*** MATERIAL PROVIDED Section Begins ***

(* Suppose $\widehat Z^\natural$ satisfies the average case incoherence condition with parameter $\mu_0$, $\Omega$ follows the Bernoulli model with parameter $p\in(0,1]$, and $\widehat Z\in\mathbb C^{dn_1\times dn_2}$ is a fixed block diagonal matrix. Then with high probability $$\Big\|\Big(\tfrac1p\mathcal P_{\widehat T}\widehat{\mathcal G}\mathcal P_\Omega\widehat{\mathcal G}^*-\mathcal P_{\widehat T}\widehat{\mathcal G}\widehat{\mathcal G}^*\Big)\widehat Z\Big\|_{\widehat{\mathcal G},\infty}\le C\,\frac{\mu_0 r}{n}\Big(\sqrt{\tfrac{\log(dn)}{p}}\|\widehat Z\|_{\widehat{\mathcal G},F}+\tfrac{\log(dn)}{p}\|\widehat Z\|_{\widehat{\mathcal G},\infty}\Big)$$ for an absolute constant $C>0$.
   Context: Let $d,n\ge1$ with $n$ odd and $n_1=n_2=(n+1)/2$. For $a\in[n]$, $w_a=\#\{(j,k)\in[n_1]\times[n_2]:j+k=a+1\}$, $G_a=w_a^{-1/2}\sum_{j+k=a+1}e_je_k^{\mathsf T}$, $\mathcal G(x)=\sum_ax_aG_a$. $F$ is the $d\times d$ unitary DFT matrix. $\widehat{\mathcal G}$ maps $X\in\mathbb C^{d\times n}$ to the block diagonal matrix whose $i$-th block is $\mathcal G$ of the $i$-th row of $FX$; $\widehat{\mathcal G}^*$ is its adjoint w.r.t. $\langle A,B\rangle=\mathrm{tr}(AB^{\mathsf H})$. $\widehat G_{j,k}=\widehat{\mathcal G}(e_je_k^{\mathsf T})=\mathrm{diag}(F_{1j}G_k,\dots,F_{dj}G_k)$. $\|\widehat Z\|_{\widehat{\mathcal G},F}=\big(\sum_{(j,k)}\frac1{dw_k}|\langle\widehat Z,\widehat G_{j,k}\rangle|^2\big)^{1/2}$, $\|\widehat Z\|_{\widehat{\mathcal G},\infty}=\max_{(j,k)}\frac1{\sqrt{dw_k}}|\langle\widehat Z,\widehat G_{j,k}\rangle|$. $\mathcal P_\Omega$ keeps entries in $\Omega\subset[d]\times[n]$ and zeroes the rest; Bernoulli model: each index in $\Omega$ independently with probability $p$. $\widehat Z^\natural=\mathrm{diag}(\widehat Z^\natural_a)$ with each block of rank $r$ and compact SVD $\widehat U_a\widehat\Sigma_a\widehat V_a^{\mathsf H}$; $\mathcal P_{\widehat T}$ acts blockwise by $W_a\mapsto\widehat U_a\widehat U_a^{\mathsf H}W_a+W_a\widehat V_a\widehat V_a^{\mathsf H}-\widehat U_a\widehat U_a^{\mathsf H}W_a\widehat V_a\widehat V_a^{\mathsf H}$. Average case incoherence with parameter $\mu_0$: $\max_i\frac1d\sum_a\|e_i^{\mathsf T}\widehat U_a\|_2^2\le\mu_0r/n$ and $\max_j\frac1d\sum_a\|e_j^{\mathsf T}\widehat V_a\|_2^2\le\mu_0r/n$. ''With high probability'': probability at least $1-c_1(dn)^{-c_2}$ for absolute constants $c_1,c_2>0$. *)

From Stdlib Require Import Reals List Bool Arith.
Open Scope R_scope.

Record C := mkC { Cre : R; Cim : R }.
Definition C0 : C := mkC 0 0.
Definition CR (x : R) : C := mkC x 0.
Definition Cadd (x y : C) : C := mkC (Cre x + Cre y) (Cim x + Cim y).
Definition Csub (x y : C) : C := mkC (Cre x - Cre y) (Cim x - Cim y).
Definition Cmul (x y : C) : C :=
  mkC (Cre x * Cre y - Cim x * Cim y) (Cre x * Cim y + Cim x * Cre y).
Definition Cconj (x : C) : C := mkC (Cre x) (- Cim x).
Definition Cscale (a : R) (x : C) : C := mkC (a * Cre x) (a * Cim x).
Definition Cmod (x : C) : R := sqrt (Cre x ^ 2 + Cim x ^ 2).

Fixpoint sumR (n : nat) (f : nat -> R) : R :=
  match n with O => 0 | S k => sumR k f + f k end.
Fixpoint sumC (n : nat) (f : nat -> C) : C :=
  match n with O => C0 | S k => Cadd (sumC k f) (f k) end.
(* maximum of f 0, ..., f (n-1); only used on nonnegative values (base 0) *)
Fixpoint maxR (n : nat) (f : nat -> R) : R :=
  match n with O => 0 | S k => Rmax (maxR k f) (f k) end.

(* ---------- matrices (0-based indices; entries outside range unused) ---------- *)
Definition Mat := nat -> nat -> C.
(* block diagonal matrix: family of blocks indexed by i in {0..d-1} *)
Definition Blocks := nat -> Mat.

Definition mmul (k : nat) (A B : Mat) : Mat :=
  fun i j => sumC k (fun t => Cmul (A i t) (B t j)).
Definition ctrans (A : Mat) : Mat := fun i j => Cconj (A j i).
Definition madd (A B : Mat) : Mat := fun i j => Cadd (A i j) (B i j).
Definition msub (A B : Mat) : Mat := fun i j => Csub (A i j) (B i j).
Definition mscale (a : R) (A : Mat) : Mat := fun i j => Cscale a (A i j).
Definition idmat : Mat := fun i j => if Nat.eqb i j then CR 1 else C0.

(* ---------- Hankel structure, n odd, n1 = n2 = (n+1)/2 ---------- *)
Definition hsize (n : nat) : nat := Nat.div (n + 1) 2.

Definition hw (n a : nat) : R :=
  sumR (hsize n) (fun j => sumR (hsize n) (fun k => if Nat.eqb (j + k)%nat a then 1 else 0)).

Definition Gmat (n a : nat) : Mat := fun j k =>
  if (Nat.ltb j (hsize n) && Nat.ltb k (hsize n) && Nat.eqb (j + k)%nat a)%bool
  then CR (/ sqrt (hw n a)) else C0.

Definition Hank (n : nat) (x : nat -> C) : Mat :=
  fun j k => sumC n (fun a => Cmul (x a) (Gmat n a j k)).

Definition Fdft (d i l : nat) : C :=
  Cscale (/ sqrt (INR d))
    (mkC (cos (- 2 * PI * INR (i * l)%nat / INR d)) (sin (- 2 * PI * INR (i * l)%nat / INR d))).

*** MATERIAL PROVIDED Section Ends ***
*** MATERIAL PROVIDED Section Begins ***

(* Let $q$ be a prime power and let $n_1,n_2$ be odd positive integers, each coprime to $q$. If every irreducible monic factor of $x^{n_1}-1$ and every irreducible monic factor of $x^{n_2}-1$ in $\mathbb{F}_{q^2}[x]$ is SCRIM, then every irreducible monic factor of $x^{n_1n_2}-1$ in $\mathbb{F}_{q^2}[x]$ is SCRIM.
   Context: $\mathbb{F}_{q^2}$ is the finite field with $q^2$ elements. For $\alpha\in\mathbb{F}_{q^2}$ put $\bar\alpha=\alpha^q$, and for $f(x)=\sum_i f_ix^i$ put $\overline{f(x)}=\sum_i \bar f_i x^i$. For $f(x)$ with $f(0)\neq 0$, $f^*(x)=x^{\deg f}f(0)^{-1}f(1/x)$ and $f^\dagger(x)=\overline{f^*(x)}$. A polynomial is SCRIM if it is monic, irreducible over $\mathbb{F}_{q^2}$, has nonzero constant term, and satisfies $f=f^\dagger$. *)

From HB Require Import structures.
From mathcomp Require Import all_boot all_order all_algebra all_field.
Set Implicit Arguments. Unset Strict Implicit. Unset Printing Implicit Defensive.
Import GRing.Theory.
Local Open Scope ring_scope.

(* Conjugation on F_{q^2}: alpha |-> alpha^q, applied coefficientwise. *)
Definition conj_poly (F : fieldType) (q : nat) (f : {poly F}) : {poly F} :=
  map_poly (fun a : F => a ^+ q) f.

*** MATERIAL PROVIDED Section Ends ***
*** MATERIAL PROVIDED Section Begins ***

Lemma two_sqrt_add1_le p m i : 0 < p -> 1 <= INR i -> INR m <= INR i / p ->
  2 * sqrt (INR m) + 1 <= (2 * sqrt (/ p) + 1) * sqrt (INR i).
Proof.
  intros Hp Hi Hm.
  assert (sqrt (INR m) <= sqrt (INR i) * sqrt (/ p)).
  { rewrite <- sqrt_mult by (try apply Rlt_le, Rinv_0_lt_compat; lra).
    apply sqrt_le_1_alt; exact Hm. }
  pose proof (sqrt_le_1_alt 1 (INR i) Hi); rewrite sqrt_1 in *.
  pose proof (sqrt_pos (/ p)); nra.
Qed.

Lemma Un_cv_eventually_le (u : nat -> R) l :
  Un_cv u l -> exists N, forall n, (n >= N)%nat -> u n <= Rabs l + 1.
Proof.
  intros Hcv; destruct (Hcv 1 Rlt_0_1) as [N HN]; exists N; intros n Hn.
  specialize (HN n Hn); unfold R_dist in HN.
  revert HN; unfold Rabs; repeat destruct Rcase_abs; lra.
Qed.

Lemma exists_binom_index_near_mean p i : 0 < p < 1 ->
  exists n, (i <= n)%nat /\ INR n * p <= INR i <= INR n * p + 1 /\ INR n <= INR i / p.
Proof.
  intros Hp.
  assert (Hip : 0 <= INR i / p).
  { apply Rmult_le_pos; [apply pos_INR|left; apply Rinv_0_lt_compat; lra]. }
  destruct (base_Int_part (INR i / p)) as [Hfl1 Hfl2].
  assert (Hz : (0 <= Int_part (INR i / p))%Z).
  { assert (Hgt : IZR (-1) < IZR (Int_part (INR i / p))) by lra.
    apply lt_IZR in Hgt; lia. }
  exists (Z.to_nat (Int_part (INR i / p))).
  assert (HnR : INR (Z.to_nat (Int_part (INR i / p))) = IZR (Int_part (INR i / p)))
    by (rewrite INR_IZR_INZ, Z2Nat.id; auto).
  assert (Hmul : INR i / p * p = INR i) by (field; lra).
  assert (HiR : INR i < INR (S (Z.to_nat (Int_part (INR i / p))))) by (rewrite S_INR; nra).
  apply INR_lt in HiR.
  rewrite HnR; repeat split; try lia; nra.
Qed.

*** MATERIAL PROVIDED Section Ends ***

WHAT IS EXPECTED
Starting at the line above that contains "Local Open Scope ring_scope.", repeat each line exactly up to and including the line that contains "map_poly (fun a : F => a ^+ q) f.", and stop there.

RESULT FOR THIS EXERCISE
Local Open Scope ring_scope.

(* Conjugation on F_{q^2}: alpha |-> alpha^q, applied coefficientwise. *)
Definition conj_poly (F : fieldType) (q : nat) (f : {poly F}) : {poly F} :=
  map_poly (fun a : F => a ^+ q) f.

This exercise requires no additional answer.